* Given data *
☆ ☆ ☆ ☆

Lemma g_toward_argmax x : Omega x -> exists2 c, 0 <= c <= 1 &
  forall t, 0 <= t <= 1 -> g (toward xs x t) <= g (toward xs x c).
Proof.
move=> Ox.
have gc : {within `[0, 1], continuous (fun t => g (toward xs x t))}.
  apply: continuous_in_subspaceT => t; rewrite inE /= in_itv /= => t01.
  apply: (@continuous_comp _ _ _ (toward xs x)).
    exact: toward_continuous_param.
  by apply: g_cont; rewrite inE; exact: Omega_star.
have [c c01 cmax] := EVT_max ler01 gc.
by exists c => [|t t01]; [move: c01 | apply: cmax]; rewrite /= in_itv.
Qed.

Lemma seg_max_argmax x c : 0 <= c <= 1 ->
  (forall t, 0 <= t <= 1 -> g (toward xs x t) <= g (toward xs x c)) ->
  seg_max x = g (toward xs x c).
Proof.
move=> c01 cmax; apply: sup_max; first by exists c; rewrite /= ?in_itv.
by move=> _ [t t01 <-]; apply: cmax; move: t01; rewrite /= in_itv.
Qed.

Lemma seg_max_attained x : Omega x ->
  exists2 c, 0 <= c <= 1 & seg_max x = g (toward xs x c).
Proof.
move=> Ox; have [c c01 cmax] := g_toward_argmax Ox.
by exists c; last exact: seg_max_argmax.
Qed.

Lemma le_seg_max x t : Omega x -> 0 <= t <= 1 ->
  g (toward xs x t) <= seg_max x.
Proof.
move=> Ox t01; have [c c01 cmax] := g_toward_argmax Ox.
by rewrite (seg_max_argmax c01 cmax); exact: cmax.
Qed.

Lemma g_le_seg_max x : Omega x -> g x <= seg_max x.
Proof.
move=> Ox; rewrite -{1}(toward0 xs x).
by apply: le_seg_max; rewrite ?lexx ?ler01.
Qed.

Lemma seg_max_toward_le x s : Omega x -> 0 <= s <= 1 ->
  seg_max (toward xs x s) <= seg_max x.
Proof.
move=> Ox s01; have [c c01 ->] := seg_max_attained (Omega_star Ox s01).
rewrite toward_comp; apply: le_seg_max => //.
by move: c01 s01 => /andP[? ?] /andP[? ?]; apply/andP; split; nra.
Qed.

Lemma seg_max_le_toward x c s : Omega x -> 0 <= c <= 1 ->
  seg_max x = g (toward xs x c) -> 0 <= s < c ->
  seg_max x <= seg_max (toward xs x s).
Proof.
move=> Ox /andP[_ c1] Mx /andP[s0 sc].
have s1 : 0 < 1 - s by lra.
have r01 : 0 <= (c - s) / (1 - s) <= 1.
  by rewrite divr_ge0 ?ler_pdivrMr //= ?mul1r; lra.
rewrite Mx -[X in g X](_ : toward xs (toward xs x s) ((c - s) / (1 - s)) = _).
  by apply: le_seg_max => //; apply: Omega_star; rewrite // s0 /=; lra.
by rewrite toward_comp; congr toward; field; rewrite lt0r_neq0.
Qed.

Lemma star_shaped_seg_max : star_shaped_fun Omega xs seg_max.
Proof.
move=> alpha x [Ox Mx] t t01; split; first exact: Omega_star.
exact: le_trans (seg_max_toward_le Ox t01) Mx.
Qed.

Lemma SSplus_seg_max x : Omega x -> SSplus Omega xs g x = seg_max x.
Proof.
move=> Ox; apply: inf_min.
  exists seg_max => //.
  by split; [exact: star_shaped_seg_max | exact: g_le_seg_max].
move=> _ [v [v_star g_le_v] <-]; have [c c01 ->] := seg_max_attained Ox.
apply: le_trans (g_le_v _ (Omega_star Ox c01)) _.
by have [] := v_star (v x) x (conj Ox (lexx _)) c c01.
Qed.

Lemma SSplus_center : Omega xs -> SSplus Omega xs g xs = g xs.
Proof.
move=> Oxs; rewrite SSplus_seg_max //.
by have [c _ ->] := seg_max_attained Oxs; rewrite toward_center.
Qed.

Lemma SSplus_lsc : lsc_on Omega (SSplus Omega xs g).
Proof.
move=> x Ox e e0; have [c c01 Mx] := seg_max_attained Ox.
have gc : {for x, continuous (fun y => g (toward xs y c))}.
  apply: (@continuous_comp _ _ _ (toward xs ^~ c)).
    exact: toward_continuous_point.
  by apply: g_cont; rewrite inE; exact: Omega_star.
have : SSplus Omega xs g x - e < g (toward xs x c).
  by rewrite SSplus_seg_max // Mx; lra.
move/(cvgr_gt _ gc); apply: filterS => y gy Oy.
by rewrite (SSplus_seg_max Oy); apply: lt_le_trans gy (le_seg_max Oy c01).
Qed.

Lemma SSplus_usc : usc_on Omega (SSplus Omega xs g).
Proof.
move=> x Ox e e0.
have /compact_near_coveringP cover01 := @segment_compact R 0 1.
have near_lt (t : R) : `[0, 1]%classic t ->
    \forall t' \near t & y \near x, g (toward xs y t') < seg_max x + e.
  rewrite /= in_itv /= => t01; apply: (cvgr_lt _ (g_toward_continuous Ox t01)).
  by have := le_seg_max Ox t01; lra.
have := cover01 V (nbhs x) (fun y t => g (toward xs y t) < seg_max x + e)
  (nbhs_filter x) near_lt.
apply: filterS => y gy Oy.
rewrite !SSplus_seg_max //; have [c c01 ->] := seg_max_attained Oy.
by apply: gy; rewrite /= in_itv.
Qed.

Lemma SSplus_subsol : visc_subsol Omega (Fobs g xs) (SSplus Omega xs g).
Proof.
split; first exact: SSplus_usc.
move=> phi [dphi _] x Ox umax; rewrite /Fobs ge_min.
have [le_ug|lt_gu] := leP (SSplus Omega xs g x) (g x).
  by rewrite subr_le0 le_ug.
apply/orP; right; apply: (local_max_dotp_grad_le0 (dphi x Ox) umax).
have [c c01 Mx] := seg_max_attained Ox.
have c0 : 0 < c.
  rewrite lt0r; case/andP: c01 => -> _; rewrite andbT.
  apply: contraTneq lt_gu => c_eq0.
  by rewrite SSplus_seg_max // Mx c_eq0 toward0 ltxx.
apply: filterS (near_left_opp_lt c0) => h /andP[h0 hc].
have h01 : 0 <= - h <= 1 by case/andP: c01; lra.
rewrite scale_sub_center_addr; split; first exact: Omega_star.
rewrite !SSplus_seg_max //; last exact: Omega_star.
by apply: seg_max_le_toward Mx _; rewrite // hc ltW.
Qed.

Lemma SSplus_supersol : visc_supersol Omega (Fobs g xs) (SSplus Omega xs g).
Proof.
split; first exact: SSplus_lsc.
move=> phi [dphi _] x Ox umin; rewrite /Fobs le_min.
rewrite subr_ge0 SSplus_seg_max // g_le_seg_max //=.
apply: (local_min_dotp_grad_ge0 (dphi x Ox) umin).
apply: filterS (near_left_opp_lt ltr01) => h /andP[h0 h1].
have h01 : 0 <= - h <= 1 by rewrite !ltW.
rewrite scale_sub_center_addr; split; first exact: Omega_star.
by rewrite !SSplus_seg_max //; [exact: seg_max_toward_le | exact: Omega_star].
Qed.

End StarShapedEnvelope.

Theorem proposition3p12 (R : realType) (n : nat) (Omega : set 'rV[R]_n)
  (xs : 'rV[R]_n) (g : 'rV[R]_n -> R) :
  open Omega -> connected Omega -> bounded_set Omega ->
  Omega xs -> star_shaped_set xs Omega ->
  {within Omega, continuous g} ->
  visc_sol Omega (Fobs g xs) (SSplus Omega xs g) /\
  SSplus Omega xs g xs = g xs.
Proof.
move=> Omega_open _ _ Oxs Omega_star g_within.
have g_cont : {in Omega, continuous g} by rewrite -continuous_open_subspace.
split; last exact: SSplus_center.
by split; [exact: SSplus_subsol | exact: SSplus_supersol].
Qed.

☆ ☆ ☆ ☆

* Work instruction *
Within the material above, copy exactly the lines from the line that holds "rewrite lt0r; case/andP: c01" up to and including the line that holds "open Omega ->".

* Written answer *
  rewrite lt0r; case/andP: c01 => -> _; rewrite andbT.
  apply: contraTneq lt_gu => c_eq0.
  by rewrite SSplus_seg_max // Mx c_eq0 toward0 ltxx.
apply: filterS (near_left_opp_lt c0) => h /andP[h0 hc].
have h01 : 0 <= - h <= 1 by case/andP: c01; lra.
rewrite scale_sub_center_addr; split; first exact: Omega_star.
rewrite !SSplus_seg_max //; last exact: Omega_star.
by apply: seg_max_le_toward Mx _; rewrite // hc ltW.
Qed.

Lemma SSplus_supersol : visc_supersol Omega (Fobs g xs) (SSplus Omega xs g).
Proof.
split; first exact: SSplus_lsc.
move=> phi [dphi _] x Ox umin; rewrite /Fobs le_min.
rewrite subr_ge0 SSplus_seg_max // g_le_seg_max //=.
apply: (local_min_dotp_grad_ge0 (dphi x Ox) umin).
apply: filterS (near_left_opp_lt ltr01) => h /andP[h0 h1].
have h01 : 0 <= - h <= 1 by rewrite !ltW.
rewrite scale_sub_center_addr; split; first exact: Omega_star.
by rewrite !SSplus_seg_max //; [exact: seg_max_toward_le | exact: Omega_star].
Qed.

End StarShapedEnvelope.

Theorem proposition3p12 (R : realType) (n : nat) (Omega : set 'rV[R]_n)
  (xs : 'rV[R]_n) (g : 'rV[R]_n -> R) :
  open Omega -> connected Omega -> bounded_set Omega ->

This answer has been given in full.